Total path length

The total path length $TPL$ sums up all vertex depths. As such, it is related to the Sackin index, i.e., the total external path length, and the total internal path length. $TPL$ is defined for arbitrary trees and it is an imbalance index, i.e. for a fixed $n\in\mathbb{N}_{\geq 1}$ it increases with decreasing balance of the tree. It can be calculated using the function totPathLen from our R package treebalance.
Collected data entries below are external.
(* Let $m\ge 1$, let $t_1<\cdots<t_m$ be real, and let $\omega_0,\dots,\omega_m$ be real numbers with $\sum_{k=0}^{\ell}\omega_k\ge 0$ for $\ell=0,\dots,m$ and such that $w(x)={\rm e}^{-x^2}\big(\omega_0+\sum_{k=1}^m\omega_k\theta(x-t_k)\big)$ is not identically zero. With $R_{n,k},r_{n,k}$ as in the context, the following hold: $$r_{n+1,k}=-r_{n,k}+\Big(t_k-\frac12\sum_{j=1}^mR_{n,j}\Big)R_{n,k},\qquad n\ge0,\ k=1,\dots,m,$$ and, for $n\ge1$ (whenever the denominators are nonzero), $$R_{n,1}=\frac{2r_{n,1}^2}{\Big(\sum_{k=1}^m r_{n,k}+n\Big)R_{n-1,1}},\qquad R_{n,k}=\frac{r_{n,k}^2R_{n-1,1}}{r_{n,1}^2R_{n-1,k}}R_{n,1},\quad k=2,\dots,m,$$ with initial values $$R_{0,k}=\frac{\omega_k{\rm e}^{-t_k^2}}{\int_{-\infty}^{+\infty}{\rm e}^{-x^2}\big(\omega_0+\sum_{j=1}^m\omega_j\theta(x-t_j)\big)dx},\qquad r_{0,k}=0.$$
   Context: $\theta(y)=1$ for $y>0$ and $0$ otherwise. $P_n$ ($n\ge0$) is the monic degree-$n$ polynomial orthogonal with respect to $w$ on $\mathbb{R}$, $\int P_jP_kw\,dx=h_k\delta_{jk}$, $h_k>0$. For $k=1,\dots,m$: $R_{n,k}:=\omega_k{\rm e}^{-t_k^2}P_n(t_k)^2/h_n$ for $n\ge0$; $r_{n,k}:=\omega_k{\rm e}^{-t_k^2}P_n(t_k)P_{n-1}(t_k)/h_{n-1}$ for $n\ge1$, and $r_{0,k}:=0$. *)

From Stdlib Require Import Reals.
From Coquelicot Require Import Coquelicot.
Open Scope R_scope.

Definition theta (y : R) : R := if Rlt_dec 0 y then 1 else 0.

Fixpoint sum1 (f : nat -> R) (m : nat) : R :=
  match m with
  | O => 0
  | S m' => sum1 f m' + f (S m')
  end.

Definition sum0 (f : nat -> R) (l : nat) : R := f O + sum1 f l.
Definition (e.g. Dobrow, Fill, 1999, Takacs, 1992, Takacs, 1994): The total path length $TPL(T)$ of a tree $T\in\mathcal{T}^\ast_n$ is defined as $TPL(T) := \sum\limits_{v \in V(T)} \delta_T(v) = S(T)+TIP(T)$ ,
where $S(T)$ denotes the Sackin index, i.e., the total external path length, and $TIP(T)$ denotes the total internal path length.
Computation time: For every tree $T\in\mathcal{T}^\ast_n$ , the total path length $TPL(T)$ can be computed in time $O(n)$ (see Fischer et al., 2023, Proposition 23.5).
Recursiveness: The total path length is a recursive tree shape statistic. More information on the recursion can be found in Fischer et al., 2023, Proposition 23.6.
Locality: For arbitrary trees $T\in \mathcal{T}^\ast_n$ the total path length is not local. For binary trees $T\in \mathcal{BT}^\ast_n$ it is local. (see Fischer et al., 2023, Proposition 23.7).
Maximal value and (number of) trees with maximal value on $\mathcal{T}^\ast_n$ and $\mathcal{BT}^\ast_n$ : An upper bound for the total path length for arbitrary and binary trees trees $T\in \mathcal{T}^\ast_n$ or $\in \mathcal{BT}^\ast_n$ with $n$ leaves which is tight for all $n\in\mathbb{N}_{\geq 1}$ as well as the (number of) corresponding maximal (binary) trees has already been established (see Fischer et al., 2023, Theorem 23.3).
Minimal value and (number of) minimal trees on $\mathcal{T}^\ast_n$ : A lower bound for the total path length for trees $T\in \mathcal{T}^\ast_n$ which is tight for all $n\in\mathbb{N}_{\geq 1}$ as well as the (number of) corresponding minimal trees have already been established (see Fischer et al., 2023, Proposition 23.8).
Minimal value and (number of) minimal trees on $\mathcal{BT}^\ast_n$ : A lower bound for the total path length for binary trees $T\in \mathcal{BT}^\ast_n$ which is tight for all $n\in\mathbb{N}_{\geq 1}$ as well as the (number of) corresponding minimal trees have already been established (see Fischer et al., 2023, Theorem 23.4).
Expected value and variance under the Yule model: Open problem.
Expected value and variance under the uniform model: Open problem.